How to avoid ‘technology-shock’ by starting at the end
Technology companies tend to focus only on the efficiencies that their products can provide. Taken in absolute terms, aspects such as “out of the box standard processes” and “automation” can indeed provide efficiencies and increase productivity. However, technology alone is never a standalone solution for an organization. It will always need to sit alongside people (customers and employees), processes, and products and services. Therefore, as with any other initiative within an organization, for technology change to deliver its promised ROI, it is imperative that programs gain the necessary commitment and support of actual people at all levels.
The fundamental consideration must be: ‘How will this technology transformation enable my organization to deliver towards its strategic goals?’ In my experience, organizations often assume an answer to this question (i.e., it will deliver, because of the efficiencies it will bring’) without thinking enough about the ‘how’ aspect.
As often happens as a practice at a micro-level, people who know, own, and use the processes are often the last to be consulted and involved in any new technology project or initiative – leading to what I call the “technology-shock”: the situation where people find that they have to use new technology without being adequately involved or prepared for it. This, however, is both the curse and the cure for technology projects, as the answer to the problem lies within the problem itself – quite simply, involving the process owners, customers, and the business in the project is the very route to success.

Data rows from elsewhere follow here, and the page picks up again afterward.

(* Let $G=(V,E)$ be a finite simple graph with directed edge set $\vec E$ (each undirected edge yields two opposite directed edges; $o(e)$, $t(e)$ are origin and terminus, $\bar e$ the reverse edge, $[e]$ the undirected edge). Let $(r_i)_{i\in V}$ be positive integers and $u_e\in\mathbb{C}^{r_{t(e)}\times r_{o(e)}}$ for $e\in\vec E$. Define $$Z_G(\boldsymbol u)=\prod_{\mathfrak p\in\mathfrak P_G}\det(I-\pi(\mathfrak p))^{-1},\qquad \pi(\mathfrak p)=u_{e_k}\cdots u_{e_1}\ \text{for }\mathfrak p=(e_1,\dots,e_k),$$ where $\mathfrak P_G$ is the set of prime cycles. Assume $I-u_eu_{\bar e}$ is invertible for every $e$. Then $$Z_G(\boldsymbol u)^{-1}=\det\big(I+\hat{\mathcal D}(\boldsymbol u)-\hat{\mathcal A}(\boldsymbol u)\big)\prod_{[e]\in E}\det(I-u_eu_{\bar e}),$$ where $\hat{\mathcal D}(\boldsymbol u),\hat{\mathcal A}(\boldsymbol u)$ are the operators on $\bigoplus_{i\in V}\mathbb{C}^{r_i}$ $$(\hat{\mathcal D}(\boldsymbol u)g)(i)=\Big(\sum_{e:t(e)=i}(I_{r_i}-u_eu_{\bar e})^{-1}u_eu_{\bar e}\Big)g(i),\qquad(\hat{\mathcal A}(\boldsymbol u)g)(i)=\sum_{e:t(e)=i}(I_{r_i}-u_eu_{\bar e})^{-1}u_e\,g(o(e)),$$ and the product over $[e]\in E$ takes one directed representative per undirected edge.
   Context: A closed geodesic in $G$ is a sequence $(e_1,\dots,e_k)$ of directed edges with $t(e_l)=o(e_{l+1})$ and $e_{l+1}\ne\bar e_l$ for all $l\in\mathbb{Z}/k\mathbb{Z}$; it is prime if it is not the $m$-fold repetition ($m\ge2$) of a shorter closed geodesic; a prime cycle is a cyclic-permutation equivalence class of prime closed geodesics. The identity is understood as an identity of formal power series in the entries of the $u_e$ (with $Z_G(\boldsymbol u)^{-1}$ equal to $\det(I-\mathcal M)$, where $\mathcal M$ acts on $\bigoplus_{e}\mathbb{C}^{r_{t(e)}}$ by $(\mathcal Mf)(e)=\sum_{e':t(e')=o(e),\,e'\ne\bar e}u_ef(e')$). *)

From mathcomp Require Import all_boot all_order all_algebra.
From mathcomp Require Import complex.
From mathcomp Require Import Rstruct.

Set Implicit Arguments.
Unset Strict Implicit.
Unset Printing Implicit Defensive.
Import GRing.Theory.
Local Open Scope ring_scope.

Definition C : numClosedFieldType := (Rdefinitions.R)[i].

(* Determinant of an operator on a finite-dimensional space with a
   finite basis indexed by the finType T, given by its matrix entries
   A x y (row x, column y) in that basis.  (Independent of the
   enumeration order of T.) *)
Definition fdet (T : finType) (A : T -> T -> C) : C :=
  \det (\matrix_(a < #|T|, b < #|T|) A (enum_val a) (enum_val b)).

(* Entry (k,l) of a matrix, addressed by natural numbers
   (0 if out of range).  Used to address a block through an index
   whose type is only propositionally equal to the block's dimension. *)
Definition mx_at (m n : nat) (A : 'M[C]_(m, n)) (k l : nat) : C :=
  match (insub k : option 'I_m), (insub l : option 'I_n) with
  | Some a, Some b => A a b
  | _, _ => 0
  end.

(* ---- Graph data ----
   A finite simple graph on vertex set V : finType is given by an
   adjacency relation adj, symmetric and irreflexive. *)
Definition dedge (V : finType) (adj : rel V) : finType :=
  {p : V * V | adj p.1 p.2}.

Definition org (V : finType) (adj : rel V) (e : dedge adj) : V := (val e).1.
Definition term (V : finType) (adj : rel V) (e : dedge adj) : V := (val e).2.

(* The matrices u_e are given as a family u i j : 'M_(r j, r i),
   u i j being u_e for the directed edge e = (i -> j)
   (so u_e : C^{r_{t(e)} x r_{o(e)}}); values at non-adjacent pairs
   are never used.  u_{\bar e} for e = (i -> j) is u j i. *)

(* Basis of  (+)_{e directed edge} C^{r_{t(e)}}. *)
Definition Ebasis (V : finType) (adj : rel V) (r : V -> nat) : finType :=
  {e : dedge adj & 'I_(r (term e))}.

(* Basis of  (+)_{i in V} C^{r_i}. *)
Definition Vbasis (V : finType) (r : V -> nat) : finType :=
  {i : V & 'I_(r i)}.

(* The edge operator M on (+)_e C^{r_{t(e)}}:
   (M f)(e) = sum_{e' : t(e') = o(e), e' <> \bar e} u_e f(e'). *)
Definition edgeM (V : finType) (adj : rel V) (r : V -> nat)
    (u : forall i j : V, 'M[C]_(r j, r i))
    (x y : Ebasis adj r) : C :=
  let e := tag x in let e' := tag y in
  if (term e' == org e) && (org e' != term e)
  then mx_at (u (org e) (term e)) (tagged x) (tagged y)
  else 0.

Definition Dblock (V : finType) (adj : rel V) (r : V -> nat)
    (u : forall i j : V, 'M[C]_(r j, r i)) (i : V) : 'M[C]_(r i) :=
  \sum_(j : V | adj j i)
     invmx (1%:M - u j i *m u i j) *m (u j i *m u i j).

Definition Dhat (V : finType) (adj : rel V) (r : V -> nat)
    (u : forall i j : V, 'M[C]_(r j, r i)) (x y : Vbasis r) : C :=
  if tag x == tag y then Dblock adj u (tag x) (tagged x) (tagged_as x y) else 0.

Definition Ablock (V : finType) (adj : rel V) (r : V -> nat)
    (u : forall i j : V, 'M[C]_(r j, r i)) (i j : V) : 'M[C]_(r i, r j) :=
  if adj j i then invmx (1%:M - u j i *m u i j) *m u j i else 0.

Definition Ahat (V : finType) (adj : rel V) (r : V -> nat)
    (u : forall i j : V, 'M[C]_(r j, r i)) (x y : Vbasis r) : C :=
  Ablock adj u (tag x) (tag y) (tagged x) (tagged y).

(* Z_G(u)^{-1}, which by the paper's convention equals det(I - M). *)
Definition Zinv (V : finType) (adj : rel V) (r : V -> nat)
    (u : forall i j : V, 'M[C]_(r j, r i)) : C :=
  fdet (fun x y : Ebasis adj r => (x == y)%:R - edgeM u x y).

(* Write I - M = N - T S, where N = I + J for the edge reversal operator
   (J f)(e) = u_e f(\bar e), (T g)(e) = u_e g(o(e)) goes from vertices to
   edges and (S f)(i) = \sum_{t(e) = i} f(e) collects the edges into i.  The
   push-through identity u_e (I - u_{\bar e} u_e)^{-1} = (I - u_e u_{\bar e})^{-1} u_e
   gives T = N P for an explicit P, so det(I - M) = det N det(I - P S) =
   det N det(I - S P), and S P = A - D by direct computation.  Finally N is
   block diagonal over the undirected edges, with blocks [[I, u_e], [u_{\bar e}, I]]
   of determinant det(I - u_e u_{\bar e}). *)

From mathcomp Require Import all_boot all_order all_algebra.
From mathcomp Require Import complex perm Rstruct.

Set Implicit Arguments.
Unset Strict Implicit.
Unset Printing Implicit Defensive.
Import GRing.Theory.
Local Open Scope ring_scope.

Section DeterminantOnPredicate.
Variables (R : comNzRingType) (T : finType).
Implicit Types (P Q : {pred T}) (A B : T -> T -> R).

Lemma det_conj_perm n (s : 'S_n) (M : 'M[R]_n) :
  \det (\matrix_(i, j) M (s i) (s j)) = \det M.
Proof.
have -> : \matrix_(i, j) M (s i) (s j) = row_perm s (col_perm s M).
  by apply/matrixP => i j; rewrite !mxE.
rewrite row_permE col_permE !det_mulmx !det_perm odd_permV mulrCA mulrA.
by rewrite -mulrA -signr_addb addbb expr0 mulr1.
Qed.

Lemma det_castmx n n' (E : n = n') (M : 'M[R]_n) :
  \det (castmx (E, E) M) = \det M.
Proof. by case: n' / E; rewrite castmx_id. Qed.

Definition det_on P A : R :=
  \det (\matrix_(a < #|P|, b < #|P|) A (enum_val a) (enum_val b)).

Lemma det_on_reindex P n (h : 'I_n -> T) A :
  injective h -> (forall i, h i \in P) -> (forall x, x \in P -> exists i, h i = x) ->
  det_on P A = \det (\matrix_(a, b) A (h a) (h b)).
Proof.
move=> hinj hP hsurj.
have hn : #|P| = n.
  rewrite -[n]card_ord -(card_codom hinj); apply: eq_card => x.
  by apply/idP/codomP => [/hsurj[i <-] | [i ->]]; [exists i | exact: hP].
pose s0 (a : 'I_#|P|) := enum_rank_in (enum_valP a) (h (cast_ord hn a)).
have s0E a : enum_val (s0 a) = h (cast_ord hn a) by rewrite enum_rankK_in.
have s0inj : injective s0.
  by move=> a b eab; have := s0E a; rewrite eab s0E => /hinj/cast_ord_inj.
rewrite -(det_castmx (esym hn)) /det_on -(det_conj_perm (perm s0inj)).
congr (\det _); apply/matrixP => i j; rewrite castmxE !mxE !permE !s0E.
by congr (A (h _) (h _)); apply: val_inj.
Qed.

Lemma eq_det_on P P' A B :
  P =i P' -> (forall x y, x \in P -> y \in P -> A x y = B x y) ->
  det_on P A = det_on P' B.
Proof.
move=> eP eAB; rewrite [RHS](@det_on_reindex P' #|P| (@enum_val T P)).
- congr (\det _); apply/matrixP => a b; rewrite !mxE.
  by rewrite eAB ?enum_valP.
- exact: enum_val_inj.
- by move=> i; rewrite -eP enum_valP.
- by move=> x; rewrite -eP => Px; exists (enum_rank_in Px x); rewrite enum_rankK_in.
Qed.

Lemma det_on_id P A :
  (forall x y, x \in P -> y \in P -> A x y = (x == y)%:R) -> det_on P A = 1.
Proof.
move=> eA; rewrite /det_on -(@det1 R #|P|); congr (\det _).
apply/matrixP => a b; rewrite !mxE eA ?enum_valP //.
by rewrite (inj_eq enum_val_inj).
Qed.

Lemma split_lshift m n (a : 'I_m) : split (lshift n a) = inl a.
Proof. exact: (unsplitK (inl _ a)). Qed.

Lemma split_rshift m n (a : 'I_n) : split (rshift m a) = inr a.
Proof. exact: (unsplitK (inr _ a)). Qed.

As ever, where we start is the key, and initiating with the strategic objective brings into the view much more than just technology. This holistic approach brings people, processes, and products/services together, with technology to look at how they best achieve the required outcome when combined. This will naturally flow to include internal and external considerations. (See our blog ‘S/4HANA – A dilemma or a great opportunity?’ to know about the specific issues around SAP’s S/4HANA solution).

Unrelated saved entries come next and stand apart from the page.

Lemma nonzero_pathS n s t p : nonzero_path n.+1 x y s t p =
  nonzero_path n x y s t p ||
  (s == new_src n) && prepend (new_arrows n) (nonzero_path n x y (new_tgt n) t) p.
Proof.
case: p => [|a q]; first by rewrite andbF orbF.
case Hnew: (a \in new_arrows n).
  have [Hs Ht] := new_arrow_ends Hnew.
  have Hold : nonzero_path n x y s t (a :: q) = false.
    by move: Hnew; rewrite mem_new_arrows /nonzero_path /= => /andP [_ /negbTE ->].
  by rewrite nonzero_path_new // Hold /= Hnew Hs Ht eq_sym.
rewrite /= Hnew andbF orbF; case Ha: (valid n a); first exact: nonzero_path_old.
move: Hnew; rewrite mem_new_arrows Ha andbT => Ha1.
by rewrite /nonzero_path /= Ha Ha1.
Qed.

Lemma has_card_nonzero_pathS n s t N N' :
  has_card (nonzero_path n x y s t) N ->
  has_card (nonzero_path n x y (new_tgt n) t) N' ->
  has_card (nonzero_path n.+1 x y s t) (N + (s == new_src n) * (size (new_arrows n) * N')).
Proof.
move=> HN HN'; apply: has_card_ext (fun p => esym (nonzero_pathS n s t p)) _.
apply: has_card_or HN (has_card_andl _ (has_card_prepend (new_arrows_uniq n) HN')).
move=> [|a q] /=; first by rewrite andbF.
by case/andP => /andP [Ha _] _; rewrite mem_new_arrows Ha andbF andbC.
Qed.

End NonzeroPaths.

Lemma mul_mx2 a b c d a' b' c' d' :
  (mx2 a b c d *m mx2 a' b' c' d')%R =
  mx2 (a * a' + b * c') (a * b' + b * d') (c * a' + d * c') (c * b' + d * d').
Proof.
apply/matrixP => i j; rewrite !mxE !big_ord_recr big_ord0 !mxE.
by case: i => [[|[|//]] ?]; case: j => [[|[|//]] ?].
Qed.

Section CartanRecursion.
Variables x y : nat -> nat.

Lemma is_cartan_inj n C D : is_cartan n x y C -> is_cartan n x y D -> C = D.
Proof. by move=> HC HD; apply/matrixP => i j; exact: has_card_inj (HC i j) (HD i j). Qed.

Lemma is_cartan0 : is_cartan 0 x y (mx2 1 0 0 1).
Proof.
move=> i j; rewrite mxE.
exists (if i == j then [:: [::]] else [::]); split.
- by case: ifP.
- case=> [|a q].
    rewrite /nonzero_path /=.
    by case: i => [[|[|//]] ?]; case: j => [[|[|//]] ?].
  rewrite /nonzero_path /= valid_arrow0 /=.
  by case: ifP.
- by case: i => [[|[|//]] ?]; case: j => [[|[|//]] ?].
Qed.

Definition step_mx n : 'M[nat]_2 :=
  if odd n then mx2 1 (y n.+1./2) 0 1 else mx2 1 0 (x n./2.+1) 1.

Lemma is_cartanS n C : is_cartan n x y C -> is_cartan n.+1 x y (C *m step_mx n)%R.
Proof.
move=> HC i j.
pose k : 'I_2 := if odd n then ord0 else ord_max.
have Hk : has_card (nonzero_path n x y (new_tgt n) (vtx i)) (C i k).
  rewrite /new_tgt /k; case: (odd n); [exact: HC i ord0 | exact: HC i ord_max].
suff -> : (C *m step_mx n)%R i j =
          C i j + (vtx j == new_src n) * (size (new_arrows x y n) * C i k).
  exact: has_card_nonzero_pathS (HC i j) Hk.
have [->|->] : j = ord0 \/ j = ord_max.
  by case: j => [[|[|//]] Hj]; [left | right]; apply: val_inj.
all: rewrite mxE !big_ord_recr big_ord0 /= (_ : widen_ord _ _ = ord0); last exact: val_inj.
all: by rewrite /step_mx size_new_arrows /new_src /k; case: (odd n); rewrite !mxE /=; lia.
Qed.

End CartanRecursion.

Lemma FibSS u v k :
  Fib k.+2 u v = Fib k u v + Fib k.+1 u v * (if odd k then v k.+2./2 else u k.+2./2).
Proof. by rewrite /Fib /=; case: (fib2 u v k) => a b /=; rewrite negbK. Qed.

Lemma Fib_evenS u v m : Fib m.*2.+2 u v = Fib m.*2 u v + Fib m.*2.+1 u v * u m.+1.
Proof. by rewrite FibSS odd_double /= doubleK. Qed.

Lemma Fib_oddS u v m : Fib m.*2.+3 u v = Fib m.*2.+1 u v + Fib m.*2.+2 u v * v m.+1.
Proof. by rewrite FibSS /= odd_double /= uphalf_double. Qed.

Section CartanFibonacci.
Variables x y : nat -> nat.

Definition cartan_odd m : 'M[nat]_2 :=
  mx2 (Fib m.*2.+1 y (shiftS x)) (Fib m.*2 y (shiftS x)) (Fib m.*2.+2 x y) (Fib m.*2.+1 x y).

Definition cartan_even m : 'M[nat]_2 :=
  mx2 (Fib m.*2.+1 y (shiftS x)) (Fib m.*2.+2 y (shiftS x)) (Fib m.*2.+2 x y) (Fib m.*2.+3 x y).

Lemma step_mx_double m : step_mx x y m.*2 = mx2 1 0 (x m.+1) 1.
Proof. by rewrite /step_mx odd_double doubleK. Qed.

Lemma step_mx_doubleS m : step_mx x y m.*2.+1 = mx2 1 (y m.+1) 0 1.
Proof. by rewrite /step_mx /= odd_double /= doubleK. Qed.

Lemma cartan_oddM m : (cartan_odd m *m step_mx x y m.*2.+1)%R = cartan_even m.
Proof.
rewrite step_mx_doubleS mul_mx2 /cartan_even (Fib_evenS y _ m) (Fib_oddS x y m).
congr mx2; lia.
Qed.

Lemma cartan_evenM m : (cartan_even m *m step_mx x y m.*2.+2)%R = cartan_odd m.+1.
Proof.
rewrite -doubleS step_mx_double mul_mx2 /cartan_odd (Fib_evenS x y m.+1) doubleS (Fib_oddS y _ m).
congr mx2; rewrite /shiftS; lia.
Qed.

Lemma is_cartan_odd m : is_cartan m.*2.+1 x y (cartan_odd m).
Proof.
elim: m => [|m IH].
  have -> : cartan_odd 0 = (mx2 1 0 0 1 *m step_mx x y 0)%R.
    by rewrite (step_mx_double 0) mul_mx2 /cartan_odd /Fib /=.
  exact: is_cartanS (is_cartan0 x y).
rewrite -cartan_evenM -cartan_oddM doubleS.
exact: is_cartanS (is_cartanS IH).
Qed.

Lemma is_cartan_even m : is_cartan m.*2.+2 x y (cartan_even m).
Proof. rewrite -cartan_oddM; exact: is_cartanS (is_cartan_odd m). Qed.

End CartanFibonacci.

Theorem lemma4p1 (x y : nat -> nat)
  (hx : forall i, 0 < i -> 0 < x i) (hy : forall i, 0 < i -> 0 < y i) :
  (forall m, 0 < m ->
     is_cartan m.*2 x y
       (mx2 (Fib m.*2.-1 y (shiftS x)) (Fib m.*2 y (shiftS x))
            (Fib m.*2 x y)             (Fib m.*2.+1 x y))
     /\ (forall C D : 'M[nat]_2, is_cartan m.*2.-1 x y C -> is_cartan m.*2 x y D ->
           D = (C *m mx2 1 (y m) 0 1)%R))
  /\
  (forall m,
     is_cartan m.*2.+1 x y
       (mx2 (Fib m.*2.+1 y (shiftS x)) (Fib m.*2 y (shiftS x))
            (Fib m.*2.+2 x y)           (Fib m.*2.+1 x y))
     /\ (forall C D : 'M[nat]_2, is_cartan m.*2 x y C -> is_cartan m.*2.+1 x y D ->
           D = (C *m mx2 1 0 (x m.+1) 1)%R)).
Proof.
split=> [[//|m] _ | m]; split.
- rewrite doubleS; exact: is_cartan_even.
- move=> C D HC HD; rewrite -(step_mx_doubleS x).
  by apply: is_cartan_inj HD _; rewrite doubleS; exact: is_cartanS.
- exact: is_cartan_odd.
- move=> C D HC HD; rewrite -(step_mx_double _ y).
  exact: is_cartan_inj HD (is_cartanS HC).
Qed.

For the end goal to be achieved, there is a clear requirement for timely and efficient adoption of the latest technology. Focusing the objectives for a change at an organizational level (as opposed to departmental) and outlining everyone’s role to contribute to these objectives with clear measures and rewards will lead to improved adoption rates. Clarity of the end state leads to structured preparation, addressing anything from mindset change to technical training. When executed well, these plans address role modeling and adoption to embed and sustain the new ways of working.
Remember that technology is only one (important) component within an organization
The consequence is that technology becomes one of the enabling tools to deliver the organization’s strategy. The conversation moves to the effort required across all strands of an organization to achieve its objectives. This weaves together the different elements of people, processes, and technology, which when combined enable an optimized approach to achieve the end goal. Concerns around using standard out-of-the-box processes, which may dominate thinking when started from the technology angle, are instead channeled into how to best utilize the standard processes within the context of achieving the organization’s targets. There may even be some benefits of standard system processes, particularly for companies that rely on the contractual or transient workers moving between companies regularly. Making workers use a given system may be a prerequisite to accelerate onboarding processes.
Success lies in marrying technology change with people
In our experience, galvanizing the thinking and commitment of people, processes, technology, and products and services leads to the most impactful transformation. An organization is brought to life by its people; to effectively fulfill their roles, they need tools such as process and technology that support them and enable the delivery of products and services. The differentiator for any organization is their people and their ability to apply the tools to engage and support customers most effectively.